5Спустя три десятилетия с лишним я сижу на горе Сиенитной и думаю, что со мной происходило в те далекие годы. Осень, голубое небо, с шорохом падают с деревьев листья, далеко внизу шумит среди валунов речка.
А там, вдали, Осиновая гора, крутая, круглая, по ней извивается тропка, по этой тропке я тогда убегал из дому, получив две увесистых затрещины от шахтера дяди Андрея. Я убегал в город, где надеялся поступить на завод и зажить самостоятельной жизнью.
«Неправильно я тогда сделал, — думаю я спустя много лет. — Не надо было мне убегать от матери из дома».
Но тогда, убегая в город, я не думал о матери. Меня терзала обида. Я уходил от позора.
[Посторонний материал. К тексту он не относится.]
Lemma frob2_svd_proj m n (A : 'M[R]_(m, n)) U S V (B : 'M[R]_n) :
  is_svd A U S V -> is_orthoproj B ->
  frob2 (U *m (S *m (1%:M - B)) *m V^T) =
  \tr (S^T *m S) - \sum_i B i i * (S^T *m S) i i.
Proof.
move=> hsvd hB; have [[_ hU _ hV] _ _ _ _] := hsvd.
have [hT hI] := orthoproj1B hB.
rewrite frob2_mul_orth // frob2_trace trmx_mul hT mulmxA -(mulmxA S) hI.
rewrite mxtrace_mulC mulmxA /mxtrace -sumrB; apply: eq_bigr => i _.
rewrite mxE (bigD1 i) //= big1 ?addr0 => [|j ji]; last first.
  by rewrite (svd_gram_offdiag hsvd) ?mul0r // eq_sym.
by rewrite !mxE eqxx mulr1n mulrBr mulr1 mulrC.
Qed.

(* With Q an orthonormal basis of the columns of Y, X Y^T is no better than
   A Q Q^T, whose error weights the squared singular values by 1 - diag(Z Z^T)
   for the rank-k projector Z Z^T, Z = V^T Q; the top-k weights do best (Ky Fan). *)
Lemma eckart_young_svd m n k (A : 'M[R]_(m, n)) U S V
    (X : 'M[R]_(m, k)) (Y : 'M[R]_(n, k)) :
  (k < n)%N -> is_svd A U S V ->
  frob2 (U *m (S *m copid_mx k) *m V^T) <= frob2 (A - X *m Y^T).
Proof.
move=> hk hsvd; have [[_ _ hVV _] _ _ _ hA] := hsvd.
have [Q [T [hQ ->]]] := orthonormal_factor Y (ltnW hk).
set Z := V^T *m Q.
have hZ : Z^T *m Z = 1%:M by rewrite trmx_mul trmxK mulmxA -(mulmxA Q^T) hVV mulmx1.
rewrite trmx_mul [X *m _]mulmxA; apply: le_trans (frob2_sub_proj_le A (X *m T^T) hQ).
have -> : A - A *m Q *m Q^T = U *m (S *m (1%:M - Z *m Z^T)) *m V^T.
  rewrite hA trmx_mul trmxK !mulmxBr !mulmx1 mulmxBl; congr (_ - _).
  by rewrite !mulmxA -(mulmxA _ V) hVV mulmx1.
rewrite /copid_mx !(frob2_svd_proj hsvd); last 2 first.
- exact: orthoproj_mul_tr hZ.
- exact: orthoproj_pid (ltnW hk).
rewrite lerD2l lerN2.
apply: (sum_weighted_le_pid hk (lam := fun i => (S^T *m S) i i)
                             (c := fun i => (Z *m Z^T) i i)) => [i j|i|].
- exact: svd_gram_diag_nonincr hsvd.
- exact: orthoproj_diag_bound (orthoproj_mul_tr hZ) i.
- by rewrite -/(mxtrace (Z *m Z^T)) mxtrace_mulC hZ mxtrace1.
Qed.
(* oriented plaquette (x, j1, j2, s), meaningful when j1 < j2;
   s = true is dx_{j1} /\ dx_{j2}, s = false its negative *)
Definition plaq := (vertex * 'I_4 * 'I_4 * bool)%type.
Definition pvalid (p : plaq) : bool := (p.1.1.2 < p.1.2)%N.
Definition ppos (p : plaq) : bool := p.2.

Definition bd (p : plaq) : seq edge :=
  let: (x, j1, j2, s) := p in
  let l := [:: (x, j1, true); (shift x j1, j2, true);
               (shift x j2, j1, false); (x, j2, false)] in
  if s then l else map eneg l.

Definition in_hat (e : edge) (p : plaq) : bool := pvalid p && (e \in bd p).

Definition inB (N : nat) (x : vertex) : bool :=
  [forall i, (- (N%:Z) <= x i) && (x i <= N%:Z)].
Definition in_EN (N : nat) (e : edge) : bool :=
  inB N e.1.1 && inB N (shift e.1.1 e.1.2).
(* all vertices of p in B_N  (the vertices of p are the endpoints of its edges) *)
Definition in_PN (N : nat) (p : plaq) : bool := pvalid p && all (in_EN N) (bd p).

Definition bhbh_sub (N : nat) (e : edge) : Prop :=
  forall (p1 : plaq) (e1 : edge) (p2 : plaq) (e2 : edge),
    in_hat e p1 -> e1 \in bd p1 -> in_hat e1 p2 -> e2 \in bd p2 -> in_EN N e2.

(* sigma in Sigma_{E_N}: given by its values on positive edges dx_j,
   extended antisymmetrically: sigma_{-e} = - sigma_e *)
Definition sig (n : nat) (sigma : vertex -> 'I_4 -> 'Z_n) (e : edge) : 'Z_n :=
  if e.2 then sigma e.1.1 e.1.2 else - sigma e.1.1 e.1.2.
Definition dsig (n : nat) (sigma : vertex -> 'I_4 -> 'Z_n) (p : plaq) : 'Z_n :=
  \sum_(e <- bd p) sig sigma e.

Definition boxv (N : nat) : seq vertex :=
  map (fun f : {ffun 'I_4 -> 'I_(N + N).+1} =>
         [ffun i => (nat_of_ord (f i))%:Z - N%:Z] : vertex)
      (enum {ffun 'I_4 -> 'I_(N + N).+1}).
Definition posE (N : nat) : seq edge :=
  [seq e <- [seq (x, j, true) | x <- boxv N, j <- enum 'I_4] | in_EN N e].
Definition posP (N : nat) : seq plaq :=
  [seq p <- 
     flatten [seq [seq (x, j1, j2, true) | j1 <- enum 'I_4, j2 <- enum 'I_4] | x <- boxv N]
     | in_PN N p].
Lemma qlf_comp q (th : G -> G) : qlf q -> is_aut th -> qlf (q \o th).
Proof.
move=> hq th_aut; have bq_th x y : eqQZ (bq (q \o th) x y) (bq q (th x) (th y)).
  by rewrite bq_comp.
by have := lf_congr (lf_comp hq th_aut) bq_th.
Qed.

Definition qodd q x := q x - q (- x).

Definition beta_witness q a := exists qo : G -> rat,
  [/\ quad_linking_form qo, (forall x y, eqQZ (bq qo x y) (bq q x y)) &
      (forall x, eqQZ (q x) (qshift qo a x))].

Lemma qshift_of_bq q q' : qlf q -> (forall x y, eqQZ (bq q' x y) (bq q x y)) ->
  exists c, forall x, eqQZ (q' x) (qshift q c x).
Proof.
move=> hq bq'q; pose l x := q' x - q x.
have hl : homQZ l by move=> x y; rewrite /l !qaddE bq'q; apply: eqQZ_eq; ring.
have [y|c hc] := lf_dual hq hl (n := 1); first by rewrite mulr1n => ->; apply: homQZ0.
by exists c => x; rewrite /qshift -[q' x](subrK (q x)) -/(l x) hc mulr1n addrC.
Qed.

Lemma qodd_witness q a : qlf q -> beta_witness q a ->
  forall x, eqQZ (qodd q x) (bq q x (a + a)).
Proof.
move=> hq [qo [[_ qo_even] bqo q_qo]] x.
rewrite /qodd !q_qo /qshift !bqo qo_even (lf_Nl hq) (lf_addr hq).
by apply: eqQZ_eq; ring.
Qed.

Lemma homQZ_qodd q : qlf q -> homQZ (qodd q).
Proof.
move=> hq x y; rewrite /qodd opprD !qaddE (lf_Nl hq) (lf_Nr hq) opprK.
by apply: eqQZ_eq; ring.
Qed.

Lemma beta_witness_exists q : qlf q -> exists a, beta_witness q a.
Proof.
move=> hq; have [|a ha] := lf_dual hq (homQZ_qodd hq) (n := 2).
  by move=> y /eqP; rewrite /qodd mulr2n addr_eq0 => /eqP <-; rewrite subrr.
have h_hom := homQZ_opp (lf_homl hq a).
exists a, (fun x => q x - bq q x a); split.
- split=> [|x]; first exact: qlf_bq hq (bq_addhom q h_hom).
  have -> : q (- x) = q x - qodd q x by rewrite /qodd; ring.
  by rewrite ha (lf_Mnr hq) (lf_Nl hq); apply: eqQZ_eq; rewrite mulr2n; ring.
- exact: bq_addhom.
- by move=> x; rewrite /qshift bq_addhom // subrK.
Qed.

Lemma betaP q : qlf q -> forall x, eqQZ (qodd q x) (bq q x (beta q)).
Proof.
move=> hq; apply: qodd_witness => //.
exact: epsilon_spec (beta_witness_exists hq).
Qed.

Lemma beta_unique q c : qlf q -> (forall x, eqQZ (qodd q x) (bq q x c)) -> beta q = c.
Proof.
move=> hq hc; apply/eqP; rewrite -subr_eq0; apply/eqP/(lf_eq0 hq) => x.
by rewrite (lf_addr hq) (lf_Nr hq) -(betaP hq) -hc subrr.
Qed.

Lemma beta_congr q q' : qlf q -> (forall x, eqQZ (q' x) (q x)) -> beta q' = beta q.
Proof.
move=> hq qq'; apply: beta_unique => [|x]; first exact: qlf_congr qq'.
by rewrite (bq_congr qq') -(betaP hq) /qodd !qq'.
Qed.

Lemma beta_qshift q c : qlf q -> beta (qshift q c) = beta q + (c + c).
Proof.
move=> hq; apply: beta_unique => [|x]; first exact: qlf_qshift.
rewrite (bq_qshift _ hq) /qodd /qshift (lf_Nl hq) (lf_addr hq x (beta q)) (lf_addr hq x c).
rewrite -(betaP hq) /qodd.
by apply: eqQZ_eq; ring.
Qed.

Lemma beta_aut q0 q1 (th : G -> G) : is_aut th -> qlf q0 -> qlf q1 ->
  (forall x, eqQZ (q1 (th x)) (q0 x)) -> th (beta q0) = beta q1.
Proof.
move=> th_aut hq0 hq1 q10; have [g _ [thK gK]] := aut_inv th_aut.
apply/esym/beta_unique => // y; rewrite -[y]gK.
rewrite -(bq_comp _ th_aut) (bq_congr q10) -(betaP hq0) /qodd -(autN th_aut).
by rewrite !q10.
Qed.

Lemma beta_qshift_eq q c : qlf q -> beta (qshift q c) = beta q -> c + c = 0.
Proof. by move=> hq; rewrite beta_qshift // -{2}[beta q]addr0 => /addrI. Qed.

Lemma isometric_iso_pair q0 q1 : qlf q0 -> qlf q1 -> isometric q0 q1 ->
  iso_pair (bq q0) (beta q0) (bq q1) (beta q1).
Proof.
move=> hq0 hq1 [th [th_aut q10]]; exists th; split=> //; last exact: beta_aut.
by move=> x y; rewrite -(bq_comp _ th_aut) (bq_congr q10).
Qed.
О том, как мое письмо, врученное в руки Гути, попало к Свизеву, я не думал. Если бы Гутя сама передала ему письмо, чтобы вместе со всеми посмеяться надо мной, я все равно не перестал бы ее любить. То, что происходило со мной, жило помимо моей воли и сознания, оно было ничему не подвластно. Я взобрался, покидая дом, на Осиновую гору — мысли мои были с Гутей.
Шел размокший от весенних вод дорогой, степью — она шла со мной.
Ехал на грузовике, сидя на ворохе угля, — опять она рядом, Гутя.
И в темном тамбуре вагона, куда нырнул я на станции, чтобы добраться до города, она снова со мной, всю ночь мы ехали вместе...
Спустился с горы Сиенитной я напротив пожарки, У входа в пожарку, как всегда, сидел Дорофеич. Выставив деревяшку, он сидел смирно так и поглядывал по сторонам. Я подошел к нему, поздоровался, присел с ним на лавочку, и мы заговорили о разном: об осени, о журавлях и гусях... Потом осторожно, как бы между прочим, я поинтересовался Августой Ильиничной...
— Обнаковенная она, — охотно ответил Дорофеич. — Баба как баба, хорошая. Только не пофартило ей с мужьями: один бросил, другой помер.
— Одна живет?
— С матерью. Дети, трое у нее, выросли, разъехались... — Дорофеич помолчал и поинтересовался: — А ты с какой стороны ею интересуешься? Ежли насчет женитьбы, то в самую точку. Сойдемся мы с ней для разговору, она всякий раз спрашивает: нет ли на примете, Дорофеич, какого ни на есть ничейного мужичонки?
— Нет, я не собираюсь жениться, — сказал я. — Давно женат. Внуки растут...
— А зачем спрашиваешь?
— Учились мы с ней вместе, — сказал я; помолчал и добавил, соврав: — За одной партой сидели...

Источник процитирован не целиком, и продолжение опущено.